Navigate to the AWS WAF console, select your Web ACL, and open the Traffic Overview dashboard. The Top 10 Matched Rules panel shows which rules are terminating the most requests. For more detail, open the Sampled Requests tab or run a Logs Insights query filtering on action = ‘BLOCK’ and grouping by terminatingRuleId if you have logging enabled.
Can I get blocked request data per IP address from CloudWatch?
CloudWatch metrics do not expose per-IP data. For per-IP visibility you need WAF logs. Enable logging to CloudWatch Logs and run a Logs Insights query grouping BlockedRequests by httpRequest.clientIp. Alternatively, use Contributor Insights with a rule that tracks the top N source IPs for blocked requests.
What is the difference between BlockedRequests and PassedRequests?
BlockedRequests counts requests that matched a rule with the Block action and were denied. PassedRequests counts requests that reached the end of the rule evaluation without matching any terminating rule and received the Web ACL default action (which could be Allow or Block depending on your configuration). A high PassedRequests count with a Block default action is not necessarily a problem; it means your rules are not matching most legitimate traffic.
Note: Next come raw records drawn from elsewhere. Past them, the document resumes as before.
Lemma convergesR_unique u a b : convergesR u a -> convergesR u b -> a = b.
Proof.
move=> ua ub; apply/subr0_eq/rnorm_eq0/eqP; rewrite eq_le rnorm_ge0 andbT.
apply/ler_addgt0Pr => e e_gt0; rewrite add0r.
have [|Na hNa] := ua (e / 2); first by rewrite divr_gt0.
have [|Nb hNb] := ub (e / 2); first by rewrite divr_gt0.
have := hNa _ (leq_maxl Na Nb); have := hNb _ (leq_maxr Na Nb).
have := rnorm_split a (u (maxn Na Nb)) b; rewrite (rnormB a (u _)); lra.
Qed.

Lemma invSn_lt (e : R) : 0 < e -> exists N, forall n, (N <= n)%N -> n.+1%:R^-1 < e.
Proof.
move=> e_gt0; exists (Num.trunc e^-1) => n le_Nn.
rewrite -[e]invrK ltf_pV2 ?posrE ?invr_gt0 ?ltr0Sn //.
by apply: lt_le_trans (truncnS_gt _) _; rewrite ler_nat ltnS.
Qed.

Definition nonexpansive (f : H -> H) := linear f /\ forall x, rnorm (f x) <= rnorm x.

Lemma nonexpansive_id : nonexpansive id.
Proof. by split=> // x. Qed.

Lemma linB (f : H -> H) : linear f -> forall x y, f (x - y) = f x - f y.
Proof.
by move=> f_lin x y; rewrite addrC -scaleN1r (f_lin (-1) y x) scaleN1r addrC.
Qed.

Lemma lin0 (f : H -> H) : linear f -> f 0 = 0.
Proof. by move=> f_lin; rewrite -[X in f X](subrr 0) linB // subrr. Qed.

Lemma convergesR_nonexpansive f u l :
  nonexpansive f -> convergesR u l -> convergesR (fun n => f (u n)) (f l).
Proof.
move=> [f_lin f_le] ul e e_gt0; have [N hN] := ul e e_gt0; exists N => n le_Nn.
by rewrite -linB //; apply: le_lt_trans (f_le _) (hN _ le_Nn).
Qed.

Section Projection.
Variable q : H -> H.
Hypothesis hq : is_projection ip q.

Lemma proj_linear : linear q.
Proof. by case: hq => [[]]. Qed.

Lemma proj_selfadj x y : ip (q x) y = ip x (q y).
Proof. by case: hq. Qed.

Lemma proj_idem x : q (q x) = q x.
Proof. by case: hq. Qed.

Lemma proj_rangeE y : range q y <-> q y = y.
Proof. by split=> [[x <-]|qy]; [exact: proj_idem | exists y]. Qed.

Lemma proj_reip_orth x : reip (q x) (x - q x) = 0.
Proof.
by rewrite /reip proj_selfadj (linB proj_linear) proj_idem subrr ip0r.
Qed.

Lemma proj_nonexpansive : nonexpansive q.
Proof.
split=> [|x]; first exact: proj_linear.
rewrite rnorm_le -{2}(addrNK (q x) x) pythagoras.
  by rewrite lerDr sqnorm_ge0.
by rewrite reipC proj_reip_orth.
Qed.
How much does AWS WAF monitoring cost?
The WAF service charges per Web ACL, per rule, and per million requests evaluated. CloudWatch metrics for WAF are included at no additional charge. CloudWatch Logs ingestion, storage, and Logs Insights query charges apply separately. Contributor Insights rules are billed per rule per month. For most production workloads, the combined cost of WAF + CloudWatch monitoring is well under $10 per month per Web ACL for log analysis costs.
Can I monitor AWS WAF across multiple accounts and regions?
Yes. You can use AWS Firewall Manager to centrally manage WAF policies across an AWS Organization and aggregate compliance status. For metrics, deploy a cross-account CloudWatch dashboard by granting cross-account metric access in the CloudWatch console. Third-party platforms like Datadog and CubeAPM also aggregate WAF metrics across regions and accounts natively.